(* Let $n\ge1$, $k\ge1$, and $\gamma=((i_1\,j_1),\dots,(i_k\,j_k))\in\Sigma^*_n(k)$. Then: 1. The sequence $(j_1,\dots,j_k)$ has pairwise distinct terms. 2. For all $l\in\{1,\dots,k\}$, $j_l$ is a fixed point of $\gamma_{l-1}$. 3. For all $l\in\{1,\dots,k\}$, $\gamma_l$ is obtained from $\gamma_{l-1}$ by inserting $j_l$ into the cycle of $i_l$ immediately after $i_l$; that is, $\gamma_l(i_l)=j_l$, $\gamma_l(j_l)=\gamma_{l-1}(i_l)$, and $\gamma_l(x)=\gamma_{l-1}(x)$ for $x\notin\{i_l,j_l\}$. 4. For all $m\in\{1,\dots,k\}$, the support of $\gamma_m$ equals $\bigcup_{l=1}^m\{i_l,j_l\}$.
   Context: Let $n\ge1$. $\mathfrak S_n$ is the symmetric group on $\{1,\dots,n\}$; products of permutations are composed from right to left, i.e. $(\sigma\pi)(x)=\sigma(\pi(x))$. $\mathsf T_n$ denotes the set of transpositions; a transposition is always written $(i\,j)$ with $i<j$. For $\sigma\in\mathfrak S_n$, $\ell(\sigma)$ is the number of cycles of $\sigma$ (fixed points counted) and $|\sigma|=n-\ell(\sigma)$. Write $\sigma_1\preccurlyeq\sigma_2$ iff $|\sigma_2|=|\sigma_1|+|\sigma_1^{-1}\sigma_2|$. For $k\ge0$, $\Sigma_n(k)=\{(\tau_1,\dots,\tau_k)\in(\mathsf T_n)^k : |\tau_1\cdots\tau_k|=k,\ \tau_1\cdots\tau_k\preccurlyeq(1\,2\,\dots\,n)\}$, and $\Sigma^*_n(k)$ is the subset of those $((i_1\,j_1),\dots,(i_k\,j_k))\in\Sigma_n(k)$ with $i_1\le i_2\le\dots\le i_k$. For $\gamma=(\tau_1,\dots,\tau_k)$, $\gamma_l=\tau_1\cdots\tau_l$ for $0\le l\le k$ ($\gamma_0=\mathrm{id}$). The support of a permutation is its set of non-fixed points. *)

From HB Require Import structures.
From mathcomp Require Import all_boot all_order all_fingroup.
Set Implicit Arguments. Unset Strict Implicit. Unset Printing Implicit Defensive.
Local Open Scope group_scope.

(* Points {1,...,n} of the paper are modelled by 'I_n = {0,...,n-1}
   (point p of the paper is the ordinal p-1); this shift preserves the order. *)

(* Paper product: (pmul s t)(x) = s (t x)  (composition right to left).
   MathComp's s * t on perms is  x |-> t (s x), so pmul s t = t * s. *)
Definition pmul n (s t : {perm 'I_n}) : {perm 'I_n} := (t * s)%g.

Definition ell n (s : {perm 'I_n}) : nat := #|porbits s|.
Definition absp n (s : {perm 'I_n}) : nat := n - ell s.

Definition preceq n (s1 s2 : {perm 'I_n}) : bool :=
  absp s2 == absp s1 + absp (pmul s1^-1 s2).

(* the long cycle (1 2 ... n), i.e. i |-> i+1 mod n on 'I_n *)
Definition lcycle n : {perm 'I_n} := perm (@ordS_inj n).

Definition trans n (p : 'I_n * 'I_n) : {perm 'I_n} := tperm p.1 p.2.

Definition prodT n (s : seq ('I_n * 'I_n)) : {perm 'I_n} :=
  foldl (fun acc p => pmul acc (trans p)) 1 s.

Definition gam n (s : seq ('I_n * 'I_n)) (l : nat) : {perm 'I_n} :=
  prodT (take l s).

Definition inSigma n k (g : k.-tuple ('I_n * 'I_n)) : bool :=
  [&& all (fun p : 'I_n * 'I_n => p.1 < p.2) g,
      absp (prodT g) == k & preceq (prodT g) (lcycle n)].

Definition inSigmaStar n k (g : k.-tuple ('I_n * 'I_n)) : bool :=
  inSigma g && sorted leq [seq val p.1 | p <- g].

Definition supp n (s : {perm 'I_n}) : {set 'I_n} := [set x | s x != x].

From HB Require Import structures.
From mathcomp Require Import all_boot all_order all_fingroup.
From mathcomp Require Import zify.
Set Implicit Arguments. Unset Strict Implicit. Unset Printing Implicit Defensive.

(* Let N be the number of points, c = (1 2 ... N) the long cycle and
   gamma_l = tau_1 ... tau_l.  The proof counts weak non-excedances,
   nexc s = #{x | s x <= x}, and proceeds in four steps.
   1. Cycle counts versus non-excedances: ell s <= nexc s (the largest point
      of a cycle is a non-excedance), and nexc s + ell (s^-1 c) <= N + 1
      (apart from the point N, the non-excedances of s are mapped onto
      excedances of s^-1 c).
   2. A transposition changes the number of cycles by at most one.  Hence
      ell gamma_l >= N - l, while the hypotheses |gamma_k| = k and
      gamma_k <= c give ell (gamma_l^-1 c) >= l + 1.  Together with step 1,
      nexc gamma_l = N - l exactly: each factor removes one non-excedance.
   3. Removing exactly one non-excedance when multiplying by (i j), i < j,
      forces i < gamma_{l-1} j <= j and gamma_{l-1} i not in (i, j].
   4. Since i_1 <= ... <= i_k, the point gamma_t j_l can never land in
      (i_l, j_l] unless it equals j_l; so j_l is fixed by gamma_{l-1}.  The
      insertion rule, the description of the supports and the distinctness
      of the j_l follow by direct computation and induction on l. *)

Lemma ell_id n : ell (1 : {perm 'I_n}) = n.
Proof.
have orbit1 (x : 'I_n) : porbit 1 x = [set x].
  apply/setP => y; rewrite inE; apply/porbitP/eqP => [[i ->]|->].
    by rewrite expg1n perm1.
  by exists 0; rewrite expg0 perm1.
by rewrite /ell /porbits (eq_imset _ orbit1) card_imset ?card_ord //; exact: set1_inj.
Qed.

Lemma ell_le n (s : {perm 'I_n}) : ell s <= n.
Proof. by rewrite /ell; apply: leq_trans (leq_imset_card _ _) _; rewrite card_ord. Qed.

Lemma ell_gt0 n (s : {perm 'I_n.+1}) : 0 < ell s.
Proof.
by rewrite /ell card_gt0; apply/set0Pn; exists (porbit s ord0); exact: imset_f.
Qed.

(* Multiplying by a transposition merges two cycles or splits one. *)
Lemma ell_tpermM n (s : {perm 'I_n}) (a b : 'I_n) : a != b ->
  ell s <= (ell (tperm a b * s)).+1 /\ ell (tperm a b * s) <= (ell s).+1.
Proof.
move=> ab; have := porbits_mul_tperm s a b; rewrite /ell ab /=.
by set e := #|porbits _|; case: (a \in porbit s b) => /=; lia.
Qed.

Lemma ell_mulTperm n (s : {perm 'I_n}) (a b : 'I_n) : a != b ->
  ell (s * tperm a b) <= (ell s).+1.
Proof.
move=> ab; rewrite /ell -porbitsV -(porbitsV s) invMg tpermV.
by case: (ell_tpermM s^-1 ab).
Qed.

Definition nexc n (s : {perm 'I_n}) : nat := #|[set x | s x <= x]|.

(* The largest point of each cycle is a non-excedance. *)
Lemma ell_le_nexc n (s : {perm 'I_n}) : ell s <= nexc s.
Proof.
rewrite /ell /nexc; apply: leq_trans (leq_imset_card (porbit s) _).
apply/subset_leq_card/subsetP => _ /imsetP [x _ ->].
have [y xy ymax] := arg_maxnP (@nat_of_ord n) (porbit_id s x).
have orb_y : porbit s y = porbit s x by apply/eqP; rewrite eq_porbit_mem.
apply/imsetP; exists y; last by rewrite orb_y.
by rewrite inE; apply: ymax; rewrite -orb_y; exact: (mem_porbit s 1 y).
Qed.

Definition compl n (s : {perm 'I_n}) : {perm 'I_n} := pmul s^-1 (lcycle n).

Lemma lcycleE n (x : 'I_n) : val (lcycle n x) = x.+1 %% n.
Proof. by rewrite /lcycle permE. Qed.

Lemma compl_tpermM n (s : {perm 'I_n}) (a b : 'I_n) :
  compl (tperm a b * s)%g = (compl s * tperm a b)%g.
Proof. by rewrite /compl /pmul invMg tpermV mulgA. Qed.

(* With r = s^-1 c: if r y is a non-excedance of s then, unless y is the
   last point, y is an excedance of r.  So nexc s <= 1 + (N - nexc r) and
   nexc r >= ell r. *)
Lemma nexc_compl_bound n (s : {perm 'I_n.+1}) : nexc s + ell (compl s) <= n.+2.
Proof.
set r := compl s; set C := ~: [set y | r y <= y].
have nexc_pre : nexc s = #|r @^-1: [set x | s x <= x]|.
  by rewrite card_preimset //; exact: perm_inj.
have sub : r @^-1: [set x | s x <= x] \subset ord_max |: C.
  apply/subsetP => y; rewrite !inE /r /compl /pmul permM permKV -ltnNge.
  case: (eqVneq y ord_max) => //= /negPf ym.
  have yn : y < n.
    by rewrite ltn_neqAle -ltnS ltn_ord andbT; move: ym; rewrite -val_eqE => ->.
  by rewrite lcycleE modn_small.
have := subset_leq_card sub; rewrite cardsU1 -nexc_pre.
have := cardsC [set y | r y <= y]; rewrite card_ord -/C.
have := ell_le_nexc r; have : (ord_max \notin C) <= 1 by case: (_ \notin _).
rewrite /nexc; lia.
Qed.

Lemma nexc_sum n (s : {perm 'I_n}) : nexc s = \sum_x (s x <= x : nat).
Proof.
rewrite /nexc -sum1_card big_mkcond /=.
by apply: eq_bigr => x _; rewrite inE; case: ifP.
Qed.

(* s (a b) agrees with s outside {a, b}, where it takes the values s b, s a. *)
Lemma nexc_tperm n (s : {perm 'I_n}) (a b : 'I_n) : a < b ->
  nexc s + ((s b <= a) + (s a <= b)) =
  nexc (tperm a b * s) + ((s a <= a) + (s b <= b)).
Proof.
move=> ab; have ba : b != a by rewrite -val_eqE gtn_eqF.
rewrite !nexc_sum (bigD1 a) // (bigD1 b) //= [in RHS](bigD1 a) // (bigD1 b) //=.
rewrite !permM tpermL tpermR.
under [in RHS]eq_bigr => x /andP [xa xb] do rewrite permM tpermD 1?eq_sym //.
lia.
Qed.

Lemma nexc_drop n (s : {perm 'I_n}) (a b : 'I_n) : a < b ->
  nexc s = (nexc (tperm a b * s)).+1 ->
  [/\ a < s b, s b <= b & (s a <= a) = (s a <= b)].
Proof.
move=> ab drop; have := nexc_tperm s ab; rewrite drop.
have mono x : (x <= a) ==> (x <= b) by apply/implyP => xa; exact: leq_trans xa (ltnW ab).
move: (mono (s a)) (mono (s b)); rewrite ltnNge.
case: (s a <= a); case: (s a <= b); case: (s b <= a); case: (s b <= b) => //=; lia.
Qed.

Lemma gam0 n (s : seq ('I_n * 'I_n)) : gam s 0 = 1%g.
Proof. by rewrite /gam take0. Qed.

Lemma gamS n (s : seq ('I_n * 'I_n)) l x0 : l < size s ->
  gam s l.+1 = (trans (nth x0 s l) * gam s l)%g.
Proof. by move=> ls; rewrite /gam (take_nth x0) // /prodT foldl_rcons. Qed.

Lemma bigcup_ord_ltS (T : finType) k (F : 'I_k -> {set T}) m (mk : m < k) :
  \bigcup_(i : 'I_k | i < m.+1) F i = F (Ordinal mk) :|: \bigcup_(i : 'I_k | i < m) F i.
Proof.
rewrite (bigD1 (Ordinal mk)) ?ltnSn //=; congr (_ :|: _).
by apply: eq_bigl => i; rewrite ltnS leq_eqVlt -val_eqE /=; case: ltngtP.
Qed.

Section SigmaStar.
Variables (n k : nat) (g : k.-tuple ('I_n.+1 * 'I_n.+1)).
Hypothesis hg : inSigmaStar g.

Local Notation i_ l := (tnth g l).1.
Local Notation j_ l := (tnth g l).2.

Lemma i_lt_j (l : 'I_k) : i_ l < j_ l.
Proof. by case/andP: hg => /and3P [/allP lt _ _] _; exact: lt (mem_tnth l g). Qed.

Lemma i_neq_j (l : 'I_k) : i_ l != j_ l.
Proof. by rewrite -val_eqE neq_ltn i_lt_j. Qed.

Lemma i_sorted (m l : 'I_k) : m <= l -> i_ m <= i_ l.
Proof.
case/andP: hg => _ sorted_i ml.
have := sorted_leq_nth leq_trans leqnn 0 sorted_i.
rewrite size_map size_tuple => /(_ m l).
rewrite !inE !(nth_map (tnth g m)) ?size_tuple //.
by rewrite -!tnth_nth; apply.
Qed.

Lemma gam_step (l : 'I_k) : gam g l.+1 = (tperm (i_ l) (j_ l) * gam g l)%g.
Proof. by rewrite (gamS (tnth g l)) ?size_tuple // -tnth_nth. Qed.

(* Each factor lowers the number of cycles by at most one. *)
Lemma ell_gam_lb l : l <= k -> n.+1 <= ell (gam g l) + l.
Proof.
elim: l => [|l IH] lk; first by rewrite gam0 ell_id addn0.
have := IH (ltnW lk); rewrite (gam_step (Ordinal lk)) /=.
have [] := ell_tpermM (gam g l) (i_neq_j (Ordinal lk)); lia.
Qed.

(* From |gamma_k| = k and gamma_k <= c: gamma_k^-1 c has more than k cycles. *)
Lemma ell_compl_top : k < ell (compl (gam g k)).
Proof.
case/andP: hg => /and3P [_ /eqP abs_k prec] _.
have gam_k : prodT g = gam g k by rewrite /gam take_oversize ?size_tuple.
move: prec abs_k; rewrite gam_k /preceq /absp -/(compl _) => /eqP.
have := ell_gt0 (lcycle n.+1); have := ell_le (compl (gam g k)); lia.
Qed.

(* Going down the chain removes at most one cycle of the complement per step. *)
Lemma ell_compl_lb l : l <= k -> l < ell (compl (gam g l)).
Proof.
move=> lk; rewrite -(subKn lk); elim: (k - l) (leq_subr l k) => [|d IH] dk.
  by rewrite subn0; exact: ell_compl_top.
have lt : k - d.+1 < k by lia.
have := IH (ltnW dk); rewrite -(subnSK dk) (gam_step (Ordinal lt)) compl_tpermM /=.
by have := ell_mulTperm (compl (gam g (k - d.+1))) (i_neq_j (Ordinal lt)); lia.
Qed.

(* Squeezing steps 1 and 2: gamma_l has exactly N - l non-excedances. *)
Lemma nexc_gam l : l <= k -> nexc (gam g l) + l = n.+1.
Proof.
move=> lk; have := ell_gam_lb lk; have := ell_compl_lb lk.
have := nexc_compl_bound (gam g l); have := ell_le_nexc (gam g l); lia.
Qed.

Lemma step_local (l : 'I_k) :
  [/\ i_ l < gam g l (j_ l), gam g l (j_ l) <= j_ l
    & (gam g l (i_ l) <= i_ l) = (gam g l (i_ l) <= j_ l)].
Proof.
apply: nexc_drop (i_lt_j l) _; rewrite -gam_step.
by have := nexc_gam (ltnW (ltn_ord l)); have := nexc_gam (ltn_ord l); lia.
Qed.

(* Invariant for t <= l: gamma_t j_l is either j_l or outside (i_l, j_l].
   The only step that moves j_l is one with j_t = j_l, which sends it to
   gamma_t i_t, outside (i_t, j_t] and hence outside (i_l, j_l] as i_t <= i_l. *)
Lemma j_outside (l : 'I_k) t : t <= l ->
  gam g t (j_ l) = j_ l \/ ~~ (i_ l < gam g t (j_ l) <= j_ l).
Proof.
elim: t => [|t IH] tl; first by left; rewrite gam0 perm1.
have tk : t < k by apply: leq_trans tl _; exact: ltnW.
have i_tl : i_ (Ordinal tk) <= i_ l by apply: i_sorted; exact: ltnW.
rewrite (gam_step (Ordinal tk)) permM /=.
case: (eqVneq (j_ l) (j_ (Ordinal tk))) => [jl_jt|jl_jt].
  right; rewrite jl_jt tpermR.
  have [_ _ /= fixed_ineq] := step_local (Ordinal tk).
  apply/negP => /andP [i_lt_y]; rewrite -fixed_ineq => /leq_trans/(_ i_tl).
  by rewrite leqNgt i_lt_y.
case: (eqVneq (j_ l) (i_ (Ordinal tk))) => [jl_it|jl_it].
  by move: i_tl; rewrite -jl_it leqNgt i_lt_j.
by rewrite tpermD 1?eq_sym //; apply: IH; exact: ltnW.
Qed.

Lemma j_fixed (l : 'I_k) : gam g l (j_ l) = j_ l.
Proof.
have [i_lt le_j _] := step_local l.
by case: (j_outside (leqnn l)) => //; rewrite i_lt le_j.
Qed.

Lemma gam_insert (l : 'I_k) :
  [/\ gam g l.+1 (i_ l) = j_ l, gam g l.+1 (j_ l) = gam g l (i_ l)
    & forall x, x != i_ l -> x != j_ l -> gam g l.+1 x = gam g l x].
Proof.
rewrite gam_step !permM tpermL tpermR j_fixed; split => // x xi xj.
by rewrite permM tpermD // eq_sym.
Qed.

Lemma supp_gamS (l : 'I_k) :
  supp (gam g l.+1) = [set i_ l; j_ l] :|: supp (gam g l).
Proof.
have [gam_i gam_j gam_x] := gam_insert l.
apply/setP => x; rewrite !inE.
case: (eqVneq x (i_ l)) => [->|xi] /=; first by rewrite gam_i eq_sym i_neq_j.
case: (eqVneq x (j_ l)) => [->|xj] /=.
  by rewrite gam_j -(j_fixed l) (inj_eq perm_inj) i_neq_j.
by rewrite gam_x.
Qed.

Lemma supp_gam m : m <= k ->
  supp (gam g m) = \bigcup_(l : 'I_k | l < m) [set i_ l; j_ l].
Proof.
elim: m => [|m IH] mk.
  rewrite big_pred0 => [|l]; last by rewrite ltn0.
  by apply/setP => x; rewrite !inE gam0 perm1 eqxx.
by rewrite (supp_gamS (Ordinal mk)) (bigcup_ord_ltS _ mk) IH // ltnW.
Qed.

(* An earlier j_l lies in the support of gamma_{m-1}, which fixes j_m. *)
Lemma j_distinct (l m : 'I_k) : l < m -> j_ l != j_ m.
Proof.
move=> lm; have : j_ l \in supp (gam g m).
  rewrite supp_gam 1?ltnW //; apply/bigcupP; exists l => //.
  by rewrite !inE eqxx orbT.
by rewrite inE; apply: contraNneq => ->; rewrite j_fixed.
Qed.

Lemma j_uniq : uniq [seq p.2 | p <- g].
Proof.
rewrite -[in X in map _ X](map_tnth_enum g) -map_comp map_inj_uniq ?enum_uniq //.
move=> l m /= /eqP; case: (ltngtP l m) => [lm|ml|/val_inj //].
  by rewrite (negPf (j_distinct lm)).
by rewrite eq_sym (negPf (j_distinct ml)).
Qed.

End SigmaStar.

Theorem lemma3p4 (n k : nat) (hn : 1 <= n) (hk : 1 <= k)
    (g : k.-tuple ('I_n * 'I_n)) (hg : inSigmaStar g) :
  [/\ uniq [seq p.2 | p <- g],
      (forall l : 'I_k, gam g l (tnth g l).2 = (tnth g l).2),
      (forall l : 'I_k,
         [/\ gam g l.+1 (tnth g l).1 = (tnth g l).2,
             gam g l.+1 (tnth g l).2 = gam g l (tnth g l).1
           & forall x, x != (tnth g l).1 -> x != (tnth g l).2 ->
               gam g l.+1 x = gam g l x])
    & (forall m : nat, 1 <= m -> m <= k ->
         supp (gam g m) =
         \bigcup_(l : 'I_k | l < m) [set (tnth g l).1; (tnth g l).2])].
Proof.
case: n hn g hg => [//|n] _ g hg.
split; [exact: j_uniq | exact: j_fixed | exact: gam_insert |].
by move=> m _; exact: supp_gam.
Qed.
Theorem mainTheorem8 (V E : finType) (tl hd : E -> V) (s1 s2 t1 t2 : V)
  (hacyc : acyclic tl hd)
  (hs12 : s1 != s2) (ht12 : t1 != t2)
  (hst : [&& s1 != t1, s1 != t2, s2 != t1 & s2 != t2])
  (hsrc : forall e : E, hd e != s1 /\ hd e != s2)
  (hterm : forall e : E, tl e != t1 /\ tl e != t2) :
  let k := fun (S T : {set V}) => mincut tl hd S T in
  k [set s1] [set t2] + k [set s2] [set t1]
    <= minn (k [set s1; s2] [set t1]) (k [set s1; s2] [set t2]) ->
  (k [set s1] [set t2] <= k [set s1] [set t1] ->
     forall R1 R2 : nat,
       R1 <= k [set s1] [set t1] -> R2 <= k [set s2] [set t1] ->
       R1 + R2 <= k [set s1; s2] [set t1] ->
       achievable tl hd s1 s2 t1 t2 R1 R2) /\
  (k [set s2] [set t1] <= k [set s2] [set t2] ->
     forall R1 R2 : nat,
       R1 <= k [set s1] [set t2] -> R2 <= k [set s2] [set t2] ->
       R1 + R2 <= k [set s1; s2] [set t2] ->
       achievable tl hd s1 s2 t1 t2 R1 R2).
Proof.
cbv zeta => hk; split=> _ R1 R2 R1k R2k R12k.
  apply: achievable_cut_region => //; exact: leq_trans hk (geq_minr _ _).
(* the second region is the first one for the network with the sessions exchanged *)
apply: achievable_swap => //; apply: achievable_cut_region => //.
- by rewrite eq_sym.
- by move=> e; have [] := hsrc e.
- by case/and4P: hst => -> -> -> ->.
- by rewrite setUC addnC; exact: leq_trans hk (geq_minl _ _).
- by rewrite setUC addnC.
Qed.
(* Let $A$ be the filtered boundary matrix of a Morse decomposition with respect to an admissible enumeration $\sigma_1,\dots,\sigma_n$, let $A_{out}$ be the matrix obtained after the reduction phase of ConMat, and let $\bar A$ be any complete column reduction of $A_{out}$. Then for every $j$, column $j$ is homogeneous in $A_{out}$ if and only if column $j$ is homogeneous in $\bar A$.
   Context: $K$ is a finite simplicial complex ($\tau\le\sigma$: $\tau$ is a face of $\sigma$; $\mathrm{cl}(\sigma)=\{\tau:\tau\le\sigma\}$). A multivector field $\mathcal V$ on $K$ is a partition of $K$ into convex sets $V$ (if $\sigma,\tau\in V$ and $\sigma\le\mu\le\tau$ then $\mu\in V$); $[\sigma]_{\mathcal V}$ is the part containing $\sigma$, $F_{\mathcal V}(\sigma)=[\sigma]_{\mathcal V}\cup\mathrm{cl}(\sigma)$, and a path is a sequence $\sigma_1,\dots,\sigma_r$ with $\sigma_k\in F_{\mathcal V}(\sigma_{k-1})$. A Morse decomposition indexed by a finite poset $(P,\le_P)$ is a partition $K=\bigsqcup_{p\in P}M_p$ such that every path from $M_p$ to $M_q$ has $q\le_P p$; $[\sigma]_P$ is the $p$ with $\sigma\in M_p$. An admissible enumeration is $\sigma_1,\dots,\sigma_n$ of all simplices of $K$ such that (a) for some linear extension $\le_{lin}$ of $\le_P$, $i\le j\Rightarrow[\sigma_i]_P\le_{lin}[\sigma_j]_P$; (b) if $\sigma_i$ is a proper face of $\sigma_j$ then $i<j$. The filtered boundary matrix $A$ is the $n\times n$ $\mathbb Z_2$-matrix with $A[i,j]=1$ iff $\sigma_i$ is a codimension-one face of $\sigma_j$; row/column $i$ represents $\sigma_i$ (in all matrices derived from $A$ by column additions). For a nonzero column $j$ of a matrix $B$, $\mathrm{low}_B(j)$ is the largest $i$ with $B[i,j]=1$. Column $j$ is homogeneous in $B$ if it is nonzero and $\sigma_j$, $\sigma_{\mathrm{low}_B(j)}$ lie in the same Morse set. ConMat reduction phase on $A$ (in place): for $j=1,\dots,n$: for $i=\mathrm{low}_A(j)$ down to $1$: if $A[i,j]=1$ and some column $s<j$ of the current matrix is homogeneous with $\mathrm{low}_A(s)=i$, add column $s$ to column $j$ (mod 2). $A_{out}$ is the result. A complete column reduction of a matrix $B$ is a matrix $\bar B$ obtained from $B$ by a finite sequence of additions of a column $s$ to a column $j$ with $s<j$ (no homogeneity restriction) such that distinct nonzero columns of $\bar B$ have distinct values of $\mathrm{low}$. *)

From HB Require Import structures.
From mathcomp Require Import all_boot all_order all_algebra.
Set Implicit Arguments. Unset Strict Implicit. Unset Printing Implicit Defensive.
Import Order.TTheory GRing.Theory.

##########

# WORK REQUIRED
Take the listing above and repeat exactly the lines from the one containing "rewrite (bigD1 (Ordinal" through the one containing "Hypothesis hg : inSigmaStar g.", both included.

# ANSWER TO THIS PROBLEM
rewrite (bigD1 (Ordinal mk)) ?ltnSn //=; congr (_ :|: _).
by apply: eq_bigl => i; rewrite ltnS leq_eqVlt -val_eqE /=; case: ltngtP.
Qed.

Section SigmaStar.
Variables (n k : nat) (g : k.-tuple ('I_n.+1 * 'I_n.+1)).
Hypothesis hg : inSigmaStar g.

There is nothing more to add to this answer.